Supplied records Block Start

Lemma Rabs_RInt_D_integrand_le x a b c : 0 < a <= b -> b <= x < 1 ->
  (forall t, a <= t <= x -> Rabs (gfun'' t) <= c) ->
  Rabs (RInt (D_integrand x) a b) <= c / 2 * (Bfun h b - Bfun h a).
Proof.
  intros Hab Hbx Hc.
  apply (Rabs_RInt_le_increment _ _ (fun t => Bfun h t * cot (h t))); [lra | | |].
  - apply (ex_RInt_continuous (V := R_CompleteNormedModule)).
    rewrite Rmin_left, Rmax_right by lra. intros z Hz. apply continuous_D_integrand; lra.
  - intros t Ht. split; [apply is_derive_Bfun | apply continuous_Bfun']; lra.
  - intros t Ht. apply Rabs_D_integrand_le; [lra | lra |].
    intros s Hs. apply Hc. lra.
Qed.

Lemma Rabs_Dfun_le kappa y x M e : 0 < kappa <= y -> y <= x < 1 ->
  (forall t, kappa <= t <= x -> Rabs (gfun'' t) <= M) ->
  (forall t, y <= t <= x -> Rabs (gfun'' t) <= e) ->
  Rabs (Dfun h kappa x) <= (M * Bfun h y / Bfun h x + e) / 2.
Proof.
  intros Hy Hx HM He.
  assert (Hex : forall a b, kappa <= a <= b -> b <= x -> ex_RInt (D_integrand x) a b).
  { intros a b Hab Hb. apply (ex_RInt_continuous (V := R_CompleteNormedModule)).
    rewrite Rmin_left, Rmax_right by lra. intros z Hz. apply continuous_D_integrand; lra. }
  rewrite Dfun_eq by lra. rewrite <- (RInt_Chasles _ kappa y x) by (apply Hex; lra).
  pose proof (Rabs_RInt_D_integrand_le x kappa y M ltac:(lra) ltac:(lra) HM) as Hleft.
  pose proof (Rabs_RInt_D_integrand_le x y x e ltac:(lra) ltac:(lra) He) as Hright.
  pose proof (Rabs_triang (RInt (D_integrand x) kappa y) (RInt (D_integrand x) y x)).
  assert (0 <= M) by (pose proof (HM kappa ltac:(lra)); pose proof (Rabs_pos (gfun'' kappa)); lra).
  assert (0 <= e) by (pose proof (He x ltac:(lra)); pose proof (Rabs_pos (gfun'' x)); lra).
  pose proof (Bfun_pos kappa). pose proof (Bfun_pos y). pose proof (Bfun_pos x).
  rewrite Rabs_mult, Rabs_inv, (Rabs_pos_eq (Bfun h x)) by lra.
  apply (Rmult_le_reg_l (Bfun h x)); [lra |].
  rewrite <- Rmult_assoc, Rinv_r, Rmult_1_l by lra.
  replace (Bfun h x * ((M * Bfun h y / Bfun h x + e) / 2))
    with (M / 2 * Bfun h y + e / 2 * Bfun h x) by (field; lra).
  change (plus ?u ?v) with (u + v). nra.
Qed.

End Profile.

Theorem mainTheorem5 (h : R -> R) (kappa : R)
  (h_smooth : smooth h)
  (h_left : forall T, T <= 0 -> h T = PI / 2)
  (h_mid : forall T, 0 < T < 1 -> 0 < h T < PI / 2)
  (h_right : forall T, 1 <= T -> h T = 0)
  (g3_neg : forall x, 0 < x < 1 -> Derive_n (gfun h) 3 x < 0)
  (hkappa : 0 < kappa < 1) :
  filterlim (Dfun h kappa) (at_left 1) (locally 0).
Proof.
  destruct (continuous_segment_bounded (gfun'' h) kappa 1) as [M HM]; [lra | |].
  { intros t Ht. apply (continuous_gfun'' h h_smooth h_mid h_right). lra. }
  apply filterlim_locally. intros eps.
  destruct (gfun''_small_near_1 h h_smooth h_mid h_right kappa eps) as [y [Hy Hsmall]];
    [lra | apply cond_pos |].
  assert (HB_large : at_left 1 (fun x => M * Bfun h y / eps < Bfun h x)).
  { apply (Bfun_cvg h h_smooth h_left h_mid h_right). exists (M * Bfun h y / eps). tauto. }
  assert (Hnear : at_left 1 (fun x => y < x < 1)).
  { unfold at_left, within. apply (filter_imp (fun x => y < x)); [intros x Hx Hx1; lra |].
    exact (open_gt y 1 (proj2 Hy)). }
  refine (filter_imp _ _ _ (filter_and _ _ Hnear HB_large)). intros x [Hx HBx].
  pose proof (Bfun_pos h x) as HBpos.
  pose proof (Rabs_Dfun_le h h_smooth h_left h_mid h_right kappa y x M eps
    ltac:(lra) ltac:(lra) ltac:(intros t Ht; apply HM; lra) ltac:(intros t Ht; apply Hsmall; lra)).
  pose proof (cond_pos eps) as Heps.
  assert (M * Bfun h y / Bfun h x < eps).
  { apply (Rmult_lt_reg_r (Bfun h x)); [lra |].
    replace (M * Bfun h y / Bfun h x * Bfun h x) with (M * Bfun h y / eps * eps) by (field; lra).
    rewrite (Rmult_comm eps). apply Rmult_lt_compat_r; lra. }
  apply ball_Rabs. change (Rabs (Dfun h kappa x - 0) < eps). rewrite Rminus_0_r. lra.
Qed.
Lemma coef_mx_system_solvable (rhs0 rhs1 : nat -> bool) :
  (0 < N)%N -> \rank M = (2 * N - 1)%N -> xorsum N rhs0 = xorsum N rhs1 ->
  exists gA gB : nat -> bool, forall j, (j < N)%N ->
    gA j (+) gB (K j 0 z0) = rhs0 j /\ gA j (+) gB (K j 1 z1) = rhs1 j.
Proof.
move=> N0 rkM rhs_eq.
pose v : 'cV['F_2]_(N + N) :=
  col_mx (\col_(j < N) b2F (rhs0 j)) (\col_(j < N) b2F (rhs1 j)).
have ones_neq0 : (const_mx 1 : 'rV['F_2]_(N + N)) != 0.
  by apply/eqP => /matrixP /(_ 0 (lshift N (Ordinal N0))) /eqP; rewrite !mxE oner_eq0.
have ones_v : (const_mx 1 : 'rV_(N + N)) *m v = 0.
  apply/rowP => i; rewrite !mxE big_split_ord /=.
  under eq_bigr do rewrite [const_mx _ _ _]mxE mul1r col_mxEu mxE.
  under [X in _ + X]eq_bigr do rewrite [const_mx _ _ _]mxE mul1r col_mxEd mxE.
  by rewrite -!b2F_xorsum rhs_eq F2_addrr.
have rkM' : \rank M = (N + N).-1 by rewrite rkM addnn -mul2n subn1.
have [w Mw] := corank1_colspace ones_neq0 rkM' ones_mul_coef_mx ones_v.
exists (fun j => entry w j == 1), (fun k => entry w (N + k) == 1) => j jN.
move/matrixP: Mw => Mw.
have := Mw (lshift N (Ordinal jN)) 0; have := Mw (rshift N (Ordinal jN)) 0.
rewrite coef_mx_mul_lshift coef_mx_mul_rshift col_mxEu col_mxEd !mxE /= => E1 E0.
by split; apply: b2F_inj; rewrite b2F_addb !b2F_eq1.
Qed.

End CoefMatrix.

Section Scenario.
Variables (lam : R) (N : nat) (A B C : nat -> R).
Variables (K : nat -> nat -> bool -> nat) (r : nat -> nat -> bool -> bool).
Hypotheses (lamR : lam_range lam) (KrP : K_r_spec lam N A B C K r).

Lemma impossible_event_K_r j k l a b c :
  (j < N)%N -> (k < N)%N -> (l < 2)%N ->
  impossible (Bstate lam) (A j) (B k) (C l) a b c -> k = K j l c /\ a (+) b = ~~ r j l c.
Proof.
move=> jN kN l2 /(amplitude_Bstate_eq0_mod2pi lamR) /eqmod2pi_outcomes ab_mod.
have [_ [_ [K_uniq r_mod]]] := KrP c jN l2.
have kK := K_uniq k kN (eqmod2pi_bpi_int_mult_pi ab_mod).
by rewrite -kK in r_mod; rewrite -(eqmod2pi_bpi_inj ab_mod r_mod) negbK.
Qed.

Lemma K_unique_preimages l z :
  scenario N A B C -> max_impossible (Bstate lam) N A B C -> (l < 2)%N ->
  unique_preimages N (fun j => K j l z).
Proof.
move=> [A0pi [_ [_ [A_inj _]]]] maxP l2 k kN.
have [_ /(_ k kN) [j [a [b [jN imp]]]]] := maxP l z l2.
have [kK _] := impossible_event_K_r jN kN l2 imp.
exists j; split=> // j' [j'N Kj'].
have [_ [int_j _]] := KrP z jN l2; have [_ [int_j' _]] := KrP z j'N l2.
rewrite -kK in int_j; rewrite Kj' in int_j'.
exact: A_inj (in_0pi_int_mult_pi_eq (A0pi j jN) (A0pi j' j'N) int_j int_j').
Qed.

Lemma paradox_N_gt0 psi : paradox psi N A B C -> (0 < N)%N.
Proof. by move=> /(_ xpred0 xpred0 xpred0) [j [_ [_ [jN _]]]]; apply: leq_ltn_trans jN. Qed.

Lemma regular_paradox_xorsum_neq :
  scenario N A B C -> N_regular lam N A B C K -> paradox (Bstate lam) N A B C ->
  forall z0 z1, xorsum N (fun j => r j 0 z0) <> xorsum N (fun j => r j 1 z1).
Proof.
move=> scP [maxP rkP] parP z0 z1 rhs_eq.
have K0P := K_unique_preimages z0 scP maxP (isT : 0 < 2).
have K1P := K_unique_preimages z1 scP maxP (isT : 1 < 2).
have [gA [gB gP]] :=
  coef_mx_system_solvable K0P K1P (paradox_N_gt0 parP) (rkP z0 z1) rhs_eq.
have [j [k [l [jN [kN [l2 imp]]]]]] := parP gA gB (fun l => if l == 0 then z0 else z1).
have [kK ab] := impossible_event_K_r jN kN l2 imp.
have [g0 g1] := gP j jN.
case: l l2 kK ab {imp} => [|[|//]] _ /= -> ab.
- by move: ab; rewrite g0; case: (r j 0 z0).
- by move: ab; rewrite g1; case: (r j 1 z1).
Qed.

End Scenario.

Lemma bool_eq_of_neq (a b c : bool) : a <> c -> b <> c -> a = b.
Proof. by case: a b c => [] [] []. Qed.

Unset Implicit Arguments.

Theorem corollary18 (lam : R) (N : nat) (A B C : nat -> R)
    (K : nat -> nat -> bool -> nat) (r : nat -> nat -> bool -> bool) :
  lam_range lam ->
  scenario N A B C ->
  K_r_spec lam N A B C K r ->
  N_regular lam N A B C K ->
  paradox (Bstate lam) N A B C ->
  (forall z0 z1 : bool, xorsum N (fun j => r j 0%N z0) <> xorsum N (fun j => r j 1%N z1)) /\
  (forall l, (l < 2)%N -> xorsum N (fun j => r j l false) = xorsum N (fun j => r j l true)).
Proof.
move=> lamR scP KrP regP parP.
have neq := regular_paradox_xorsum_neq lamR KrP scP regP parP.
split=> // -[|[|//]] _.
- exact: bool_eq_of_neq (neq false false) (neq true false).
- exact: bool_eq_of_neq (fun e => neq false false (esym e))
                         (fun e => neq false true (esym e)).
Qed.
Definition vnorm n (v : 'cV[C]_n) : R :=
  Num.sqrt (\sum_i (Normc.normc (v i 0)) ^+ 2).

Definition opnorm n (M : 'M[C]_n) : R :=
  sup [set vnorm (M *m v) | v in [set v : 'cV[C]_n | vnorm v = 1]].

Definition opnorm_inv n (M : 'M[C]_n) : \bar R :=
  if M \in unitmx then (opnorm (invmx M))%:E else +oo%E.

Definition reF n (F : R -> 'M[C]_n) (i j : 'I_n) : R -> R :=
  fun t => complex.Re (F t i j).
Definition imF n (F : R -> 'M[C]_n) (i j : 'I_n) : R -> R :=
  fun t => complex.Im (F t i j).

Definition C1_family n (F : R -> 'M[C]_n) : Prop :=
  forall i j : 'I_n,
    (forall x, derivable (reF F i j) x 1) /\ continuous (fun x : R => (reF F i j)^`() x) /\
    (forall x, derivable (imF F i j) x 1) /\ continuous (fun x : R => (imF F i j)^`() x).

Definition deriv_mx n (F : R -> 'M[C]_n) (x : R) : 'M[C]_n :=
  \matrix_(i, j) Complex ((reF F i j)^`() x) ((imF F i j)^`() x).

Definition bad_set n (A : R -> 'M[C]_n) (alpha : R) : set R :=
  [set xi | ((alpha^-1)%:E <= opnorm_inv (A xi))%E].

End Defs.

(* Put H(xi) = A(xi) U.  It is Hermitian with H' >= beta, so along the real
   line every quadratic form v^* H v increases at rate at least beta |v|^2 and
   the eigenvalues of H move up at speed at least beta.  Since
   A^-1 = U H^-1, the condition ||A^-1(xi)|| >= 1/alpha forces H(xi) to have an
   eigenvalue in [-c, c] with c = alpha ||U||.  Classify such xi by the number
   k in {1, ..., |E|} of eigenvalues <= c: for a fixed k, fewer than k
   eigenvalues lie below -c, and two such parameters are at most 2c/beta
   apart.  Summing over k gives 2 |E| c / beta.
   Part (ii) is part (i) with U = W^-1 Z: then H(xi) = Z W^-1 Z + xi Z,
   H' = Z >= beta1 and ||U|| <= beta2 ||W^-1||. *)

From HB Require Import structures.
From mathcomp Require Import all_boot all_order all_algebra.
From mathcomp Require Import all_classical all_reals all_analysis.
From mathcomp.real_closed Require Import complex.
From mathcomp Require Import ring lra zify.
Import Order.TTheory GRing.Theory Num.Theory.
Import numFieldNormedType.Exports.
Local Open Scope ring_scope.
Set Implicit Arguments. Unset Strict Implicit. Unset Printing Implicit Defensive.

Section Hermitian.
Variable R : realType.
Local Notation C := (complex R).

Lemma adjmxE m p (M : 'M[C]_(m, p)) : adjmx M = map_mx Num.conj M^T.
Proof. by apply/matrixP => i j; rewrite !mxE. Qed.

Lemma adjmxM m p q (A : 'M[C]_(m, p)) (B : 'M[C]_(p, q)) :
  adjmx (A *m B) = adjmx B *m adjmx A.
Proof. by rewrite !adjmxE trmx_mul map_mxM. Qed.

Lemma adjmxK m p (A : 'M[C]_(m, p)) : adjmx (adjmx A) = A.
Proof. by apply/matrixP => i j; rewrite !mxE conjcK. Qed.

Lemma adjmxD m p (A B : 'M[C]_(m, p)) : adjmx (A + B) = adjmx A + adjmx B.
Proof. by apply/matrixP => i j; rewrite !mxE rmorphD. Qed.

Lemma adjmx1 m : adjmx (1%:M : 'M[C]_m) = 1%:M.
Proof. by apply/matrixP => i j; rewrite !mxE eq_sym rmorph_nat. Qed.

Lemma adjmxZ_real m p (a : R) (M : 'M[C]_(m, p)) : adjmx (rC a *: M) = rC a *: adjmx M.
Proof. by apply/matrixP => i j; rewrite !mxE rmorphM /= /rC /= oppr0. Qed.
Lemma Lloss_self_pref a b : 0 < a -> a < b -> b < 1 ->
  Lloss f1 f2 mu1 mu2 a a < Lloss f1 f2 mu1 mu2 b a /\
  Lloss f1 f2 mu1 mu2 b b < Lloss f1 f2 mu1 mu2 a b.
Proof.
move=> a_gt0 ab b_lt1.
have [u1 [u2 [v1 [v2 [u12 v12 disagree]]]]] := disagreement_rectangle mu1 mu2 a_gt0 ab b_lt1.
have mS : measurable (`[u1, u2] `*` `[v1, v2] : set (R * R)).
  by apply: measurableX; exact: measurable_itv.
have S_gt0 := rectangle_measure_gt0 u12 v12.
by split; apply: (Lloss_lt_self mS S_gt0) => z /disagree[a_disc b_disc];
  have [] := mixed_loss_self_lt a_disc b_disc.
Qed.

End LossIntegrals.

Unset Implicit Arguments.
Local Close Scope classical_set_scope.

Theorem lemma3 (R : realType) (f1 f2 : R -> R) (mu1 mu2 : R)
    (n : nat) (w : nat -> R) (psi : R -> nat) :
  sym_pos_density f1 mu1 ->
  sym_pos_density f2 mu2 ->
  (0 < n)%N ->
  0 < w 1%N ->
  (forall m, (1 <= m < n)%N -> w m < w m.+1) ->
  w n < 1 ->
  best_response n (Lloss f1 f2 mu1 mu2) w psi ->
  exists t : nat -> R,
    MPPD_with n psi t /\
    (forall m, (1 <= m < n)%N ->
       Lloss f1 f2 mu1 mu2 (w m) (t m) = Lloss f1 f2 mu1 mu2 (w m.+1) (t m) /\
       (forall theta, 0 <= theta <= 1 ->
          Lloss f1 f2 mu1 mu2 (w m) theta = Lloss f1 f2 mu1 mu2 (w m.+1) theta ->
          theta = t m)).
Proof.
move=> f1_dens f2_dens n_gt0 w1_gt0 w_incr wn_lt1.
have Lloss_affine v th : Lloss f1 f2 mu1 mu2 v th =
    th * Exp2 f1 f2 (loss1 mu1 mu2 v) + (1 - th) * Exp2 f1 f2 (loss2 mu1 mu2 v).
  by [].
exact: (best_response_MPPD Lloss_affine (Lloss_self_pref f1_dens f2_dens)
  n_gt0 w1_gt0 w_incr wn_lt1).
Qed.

Supplied records Block End

**Problem to work on**
Set down, exactly as they appear above, all lines from the one that has "Proof. by apply/matrixP => i j; rewrite !mxE eq_sym" down to the one that has "Local Close Scope classical_set_scope.", including those two and no others.

**Response below**
Proof. by apply/matrixP => i j; rewrite !mxE eq_sym rmorph_nat. Qed.

Lemma adjmxZ_real m p (a : R) (M : 'M[C]_(m, p)) : adjmx (rC a *: M) = rC a *: adjmx M.
Proof. by apply/matrixP => i j; rewrite !mxE rmorphM /= /rC /= oppr0. Qed.
Lemma Lloss_self_pref a b : 0 < a -> a < b -> b < 1 ->
  Lloss f1 f2 mu1 mu2 a a < Lloss f1 f2 mu1 mu2 b a /\
  Lloss f1 f2 mu1 mu2 b b < Lloss f1 f2 mu1 mu2 a b.
Proof.
move=> a_gt0 ab b_lt1.
have [u1 [u2 [v1 [v2 [u12 v12 disagree]]]]] := disagreement_rectangle mu1 mu2 a_gt0 ab b_lt1.
have mS : measurable (`[u1, u2] `*` `[v1, v2] : set (R * R)).
  by apply: measurableX; exact: measurable_itv.
have S_gt0 := rectangle_measure_gt0 u12 v12.
by split; apply: (Lloss_lt_self mS S_gt0) => z /disagree[a_disc b_disc];
  have [] := mixed_loss_self_lt a_disc b_disc.
Qed.

End LossIntegrals.

Unset Implicit Arguments.
Local Close Scope classical_set_scope.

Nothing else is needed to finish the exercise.